Source data:

++++++++++++++++++++

Lemma parseqS m k f : parseq m k.+1 f = par f :: parseq m k (Tmap m f).
Proof.
rewrite /parseq -add1n iotaD add0n (iotaDl 1 0) /= -map_comp.
by congr cons; apply: eq_map => i /=; rewrite -iterSr.
Qed.

Lemma parseq_rcons m k f :
  parseq m k.+1 f = rcons (parseq m k f) (par (iter k (Tmap m) f)).
Proof. by rewrite /parseq -addn1 iotaD map_cat cats1. Qed.

Lemma rpow_s_countS m k f :
  rpow m (s_count (parseq m k.+1 f))
  = rmul (rpow m (s_count (parseq m k (Tmap m f)))) (Tfactor m f).
Proof.
rewrite parseqS /s_count /Tfactor /=.
by case: ifP => _; rewrite ?rmulr1 // add1n rpowS rmulC.
Qed.

Lemma iter_Tmap_add_rscale m k n f u :
  iter k (Tmap m) (radd f (rscale 'X^(k + n) u))
  = radd (iter k (Tmap m) f) (rscale 'X^n (rmul (rpow m (s_count (parseq m k f))) u)).
Proof.
elim: k f u => [|k IH] f u; first by rewrite rmul1r.
by rewrite !iterSr addSn rscaleXnS Tmap_add_rscaleX rmul_rscale IH
  rpow_s_countS rmulA.
Qed.

Lemma parseq_add_rscale m k n f u :
  parseq m k (radd f (rscale 'X^(k + n) u)) = parseq m k f.
Proof.
elim: k f u => [|k IH] f u //.
by rewrite !parseqS addSn rscaleXnS Tmap_add_rscaleX rmul_rscale IH
  par_add_rscaleX.
Qed.

Lemma rsize_radd f g : (rsize (radd f g) <= maxn (rsize f) (rsize g))%N.
Proof.
rewrite /rsize geq_max; apply/andP; split; apply: leq_trans (size_polyD _ _) _;
  by rewrite !geq_max !leq_max !leqnn ?orbT.
Qed.

Lemma rsize_par f : (rsize (par f) <= 1)%N.
Proof. by rewrite /rsize geq_max !size_polyC_leq1. Qed.

Lemma rsize_rscaleXn k u : (rsize (rscale 'X^k u) <= k + rsize u)%N.
Proof.
rewrite /rsize geq_max; apply/andP; split;
  apply: leq_trans (size_polyMleq _ _) _; rewrite size_polyXn addSn /=;
  by rewrite leq_add2l leq_max leqnn ?orbT.
Qed.

Lemma rscaleXn_small_eq0 k u : (rsize (rscale 'X^k u) <= k)%N -> u = rzero.
Proof.
have small (p : P) : (size ('X^k * p)%R <= k)%N -> p = 0.
  have [// | p_nz] := eqVneq p 0.
  by rewrite mulrC size_mulXn //; move: p_nz; rewrite -size_poly_eq0; lia.
by case: u => u1 u2; rewrite /rsize /= geq_max => /andP [/small -> /small ->].
Qed.

Lemma rsize_divt f : rsize (divt f) = (rsize f).-1.
Proof.
have X1 : (size ('X : P)).-1 = 1%N by rewrite size_polyX.
rewrite /rsize /divt /= !size_divp ?polyX_eq0 // X1 -subn1.
by move: (size f.1) (size f.2) => a b; lia.
Qed.

Section UnitModT.

Variable m : Rr.
Hypothesis m_x : par m = rx.

Lemma par_rmul u : par (rmul m u) = rswap (par u).
Proof.
have /(congr1 (fun v : Rr => (v.1.[0], v.2.[0]))) := m_x.
rewrite /= !hornerE => -[m10 m20].
by rewrite /par /rswap /= !hornerE m10 m20 /= !hornerE; congr (_, _); congr polyC; ring.
Qed.

Lemma par_rmul_rpow s u : par (rmul (rpow m s) u) = iter s rswap (par u).
Proof. by elim: s => [|s IH]; rewrite ?rmul1r // rpowS -rmulA par_rmul IH. Qed.

Lemma rmul_eq_rscaleXn k u q :
  rmul m u = rscale 'X^k q -> exists v, u = rscale 'X^k v.
Proof.
elim: k u q => [|k IH] u q mu_q; first by exists u; rewrite rscale1.
have u_t : par u = rzero.
  by rewrite -[par u]rswapK -par_rmul mu_q rscaleXnS par_rscaleX.
move: mu_q; rewrite -(divtK _ u_t) rmul_rscale rscaleXnS => /rscaleX_inj /IH [v ->].
by exists v; rewrite rscaleXnS.
Qed.

Lemma eq_parseq_congr k f g :
  parseq m k f = parseq m k g -> exists q, f = radd g (rscale 'X^k q).
Proof.
elim: k f g => [|k IH] f g; first by exists (radd g f); rewrite rscale1 raddKr.
rewrite !parseqS => /eqP; rewrite eqseq_cons => /andP [/eqP fg_par /eqP /IH [q]].
have f_gw : f = radd g (rscale 'X (divt (radd g f))).
  by rewrite divtK ?raddKr // par_radd fg_par raddrr.
rewrite {1}f_gw Tmap_add_rscaleX => /radd_inj w_q.
have [v w_v] : exists v, divt (radd g f) = rscale 'X^k v.
  move: w_q; rewrite /Tfactor; case: ifP => _; first exact: rmul_eq_rscaleXn.
  by rewrite rmul1r => ->; exists q.
by exists v; rewrite f_gw w_v -rscaleXnS.
Qed.

Lemma parseq_surj p : all (fun a => a \in residues) p ->
  exists2 g, (rsize g <= size p)%N & parseq m (size p) g = p.
Proof.
elim/last_ind: p => [|p a IH]; first by exists rzero => //; rewrite /rsize /= size_poly0.
rewrite all_rcons size_rcons => /andP [a_res /IH [g g_small g_p]].
set k := size p in g_small g_p *; set F := iter k (Tmap m) g.
(* Adding t^k e shifts the k-th parity by m^s e = x^s e mod t. *)
pose e := iter (s_count p) rswap (radd a (par F)).
have e_par : par e = e.
  by rewrite par_iter_rswap par_radd par_id (par_residue _ a_res).
exists (radd g (rscale 'X^(k + 0) e)).
  apply: leq_trans (rsize_radd _ _) _; rewrite geq_max (leq_trans g_small) //.
  apply: leq_trans (rsize_rscaleXn _ _) _.
  by rewrite addn0 -addn1 leq_add2l -e_par rsize_par.
rewrite parseq_rcons parseq_add_rscale g_p iter_Tmap_add_rscale g_p -/F.
rewrite expr0 rscale1 par_radd par_rmul_rpow e_par /e iter_rswapK.
by rewrite [radd a _]raddC raddKr.
Qed.

Lemma parseq_inj_small k f g : (rsize f <= k)%N -> (rsize g <= k)%N ->
  parseq m k f = parseq m k g -> f = g.
Proof.
move=> f_small g_small /eq_parseq_congr [q f_gq].
suff q0 : q = rzero by rewrite f_gq q0 rscale0 raddr0.
apply: (rscaleXn_small_eq0 k); rewrite -[rscale _ _](raddKr g) -f_gq.
by apply: leq_trans (rsize_radd _ _) _; rewrite geq_max g_small f_small.
Qed.

End UnitModT.

Lemma size_polyD_le (R : nzRingType) (p q : {poly R}) n :
  (size p <= n)%N -> (size q <= n)%N -> (size (p + q)%R <= n)%N.
Proof. by move=> p_n q_n; apply: leq_trans (size_polyD p q) _; rewrite geq_max p_n. Qed.

Lemma size_polyM_le {R : nzRingType} {p q : {poly R}} {a b : nat} :
  (size p <= a)%N -> (size q <= b)%N -> (size (p * q)%R <= (a + b).-1)%N.
Proof.
move=> p_a q_b; apply: leq_trans (size_polyMleq p q) _.
by rewrite -!subn1 leq_sub2r // leq_add.
Qed.

Section DegreeBound.

Variable m : Rr.
Hypotheses (m_x : par m = rx) (m_deg : ((size m.2).+1 < size m.1)%N).

Lemma rsize_rmul f : (rsize (rmul m f) <= (rsize m).-1 + rsize f)%N.
Proof.
have m2_pos : (0 < size m.2)%N.
  rewrite lt0n size_poly_eq0; apply/eqP => m20; move: (congr1 snd m_x).
  by rewrite /= m20 horner0 polyC0 => /eqP; rewrite eq_sym oner_eq0.
have -> : rsize m = size m.1 by apply/maxn_idPl; apply: ltnW (ltnW m_deg).
have f1_n : (size f.1 <= rsize f)%N := leq_maxl _ _.
have f2_n : (size f.2 <= rsize f)%N := leq_maxr _ _.
have rpoly_3 : (size rpoly <= 3)%N.
  by rewrite /rpoly !size_polyD_le ?size_polyXn ?size_polyX ?size_poly1.
have X_2 : (size ('X : P) <= 2)%N by rewrite size_polyX.
have [b_m1 b_rpoly b_m2 b_X] :
    [/\ ((size m.1 + rsize f).-1 <= (size m.1).-1 + rsize f)%N,
        ((3 + (size m.2 + rsize f).-1).-1 <= (size m.1).-1 + rsize f)%N,
        ((size m.2 + rsize f).-1 <= (size m.1).-1 + rsize f)%N &
        ((2 + (size m.2 + rsize f).-1).-1 <= (size m.1).-1 + rsize f)%N].
  by move: m_deg m2_pos; move: (size m.1) (size m.2) (rsize f) => M s n *; split; lia.
rewrite [X in (X <= _)%N]/rsize geq_max; apply/andP; split;
  repeat apply: size_polyD_le.
- exact: leq_trans (size_polyM_le (leqnn _) f1_n) b_m1.
- exact: leq_trans (size_polyM_le rpoly_3 (size_polyM_le (leqnn _) f2_n)) b_rpoly.
- exact: leq_trans (size_polyM_le (leqnn _) f2_n) b_m1.
- exact: leq_trans (size_polyM_le (leqnn _) f1_n) b_m2.
- exact: leq_trans (size_polyM_le X_2 (size_polyM_le (leqnn _) f2_n)) b_X.
Qed.

Lemma rsize_Tmap f :
  (rsize (Tmap m f) <= (if par f == r1x then (rsize m).-1 else 0) + (rsize f).-1)%N.
Proof.
have const_1 c : c \in residues -> (rsize c <= 1)%N.
  by move/par_residue <-; apply: rsize_par.
have divt_add_const g c : c \in residues ->
    (rsize (divt (radd g c)) <= (maxn (rsize g) 1).-1)%N.
  move=> /const_1 c_1; rewrite rsize_divt -!subn1 leq_sub2r //.
  by apply: leq_trans (rsize_radd _ _) _; rewrite geq_max leq_maxl leq_max c_1 orbT.
rewrite /Tmap; case: ifP => _.
  apply: leq_trans (divt_add_const _ _ _) _; rewrite ?inE ?eqxx ?orbT //.
  by move: (rsize_rmul f); move: (rsize (rmul m f)) (rsize m).-1 (rsize f) => *; lia.
rewrite add0n; have f_le : ((maxn (rsize f) 1).-1 <= (rsize f).-1)%N.
  by move: (rsize f) => *; lia.
repeat case: ifP => _; last by rewrite rsize_divt.
all: by apply: leq_trans (divt_add_const _ _ _) f_le; rewrite !inE eqxx ?orbT.
Qed.

Lemma rsize_iter_Tmap k f :
  (rsize (iter k (Tmap m) f) <= s_count (parseq m k f) * (rsize m).-1 + (rsize f - k))%N.
Proof.
elim: k f => [|k IH] f; first by rewrite subn0.
rewrite iterSr parseqS /s_count /= -/(s_count _).
move: (IH (Tmap m f)) (rsize_Tmap f); case: (par f == r1x) => /=;
  move: (rsize (iter k _ _)) (rsize (Tmap m f)) (rsize f) (rsize m).-1 (s_count _);
  move=> *; lia.
Qed.

End DegreeBound.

++++++++++++++++++++

### Problem statement
Looking at the entries above, can you reproduce exactly the lines from the one that holds "have /(congr1 (fun" through the one that holds "elim/last_ind: p =>", and only those?

### Written response
have /(congr1 (fun v : Rr => (v.1.[0], v.2.[0]))) := m_x.
rewrite /= !hornerE => -[m10 m20].
by rewrite /par /rswap /= !hornerE m10 m20 /= !hornerE; congr (_, _); congr polyC; ring.
Qed.

Lemma par_rmul_rpow s u : par (rmul (rpow m s) u) = iter s rswap (par u).
Proof. by elim: s => [|s IH]; rewrite ?rmul1r // rpowS -rmulA par_rmul IH. Qed.

Lemma rmul_eq_rscaleXn k u q :
  rmul m u = rscale 'X^k q -> exists v, u = rscale 'X^k v.
Proof.
elim: k u q => [|k IH] u q mu_q; first by exists u; rewrite rscale1.
have u_t : par u = rzero.
  by rewrite -[par u]rswapK -par_rmul mu_q rscaleXnS par_rscaleX.
move: mu_q; rewrite -(divtK _ u_t) rmul_rscale rscaleXnS => /rscaleX_inj /IH [v ->].
by exists v; rewrite rscaleXnS.
Qed.

Lemma eq_parseq_congr k f g :
  parseq m k f = parseq m k g -> exists q, f = radd g (rscale 'X^k q).
Proof.
elim: k f g => [|k IH] f g; first by exists (radd g f); rewrite rscale1 raddKr.
rewrite !parseqS => /eqP; rewrite eqseq_cons => /andP [/eqP fg_par /eqP /IH [q]].
have f_gw : f = radd g (rscale 'X (divt (radd g f))).
  by rewrite divtK ?raddKr // par_radd fg_par raddrr.
rewrite {1}f_gw Tmap_add_rscaleX => /radd_inj w_q.
have [v w_v] : exists v, divt (radd g f) = rscale 'X^k v.
  move: w_q; rewrite /Tfactor; case: ifP => _; first exact: rmul_eq_rscaleXn.
  by rewrite rmul1r => ->; exists q.
by exists v; rewrite f_gw w_v -rscaleXnS.
Qed.

Lemma parseq_surj p : all (fun a => a \in residues) p ->
  exists2 g, (rsize g <= size p)%N & parseq m (size p) g = p.
Proof.
elim/last_ind: p => [|p a IH]; first by exists rzero => //; rewrite /rsize /= size_poly0.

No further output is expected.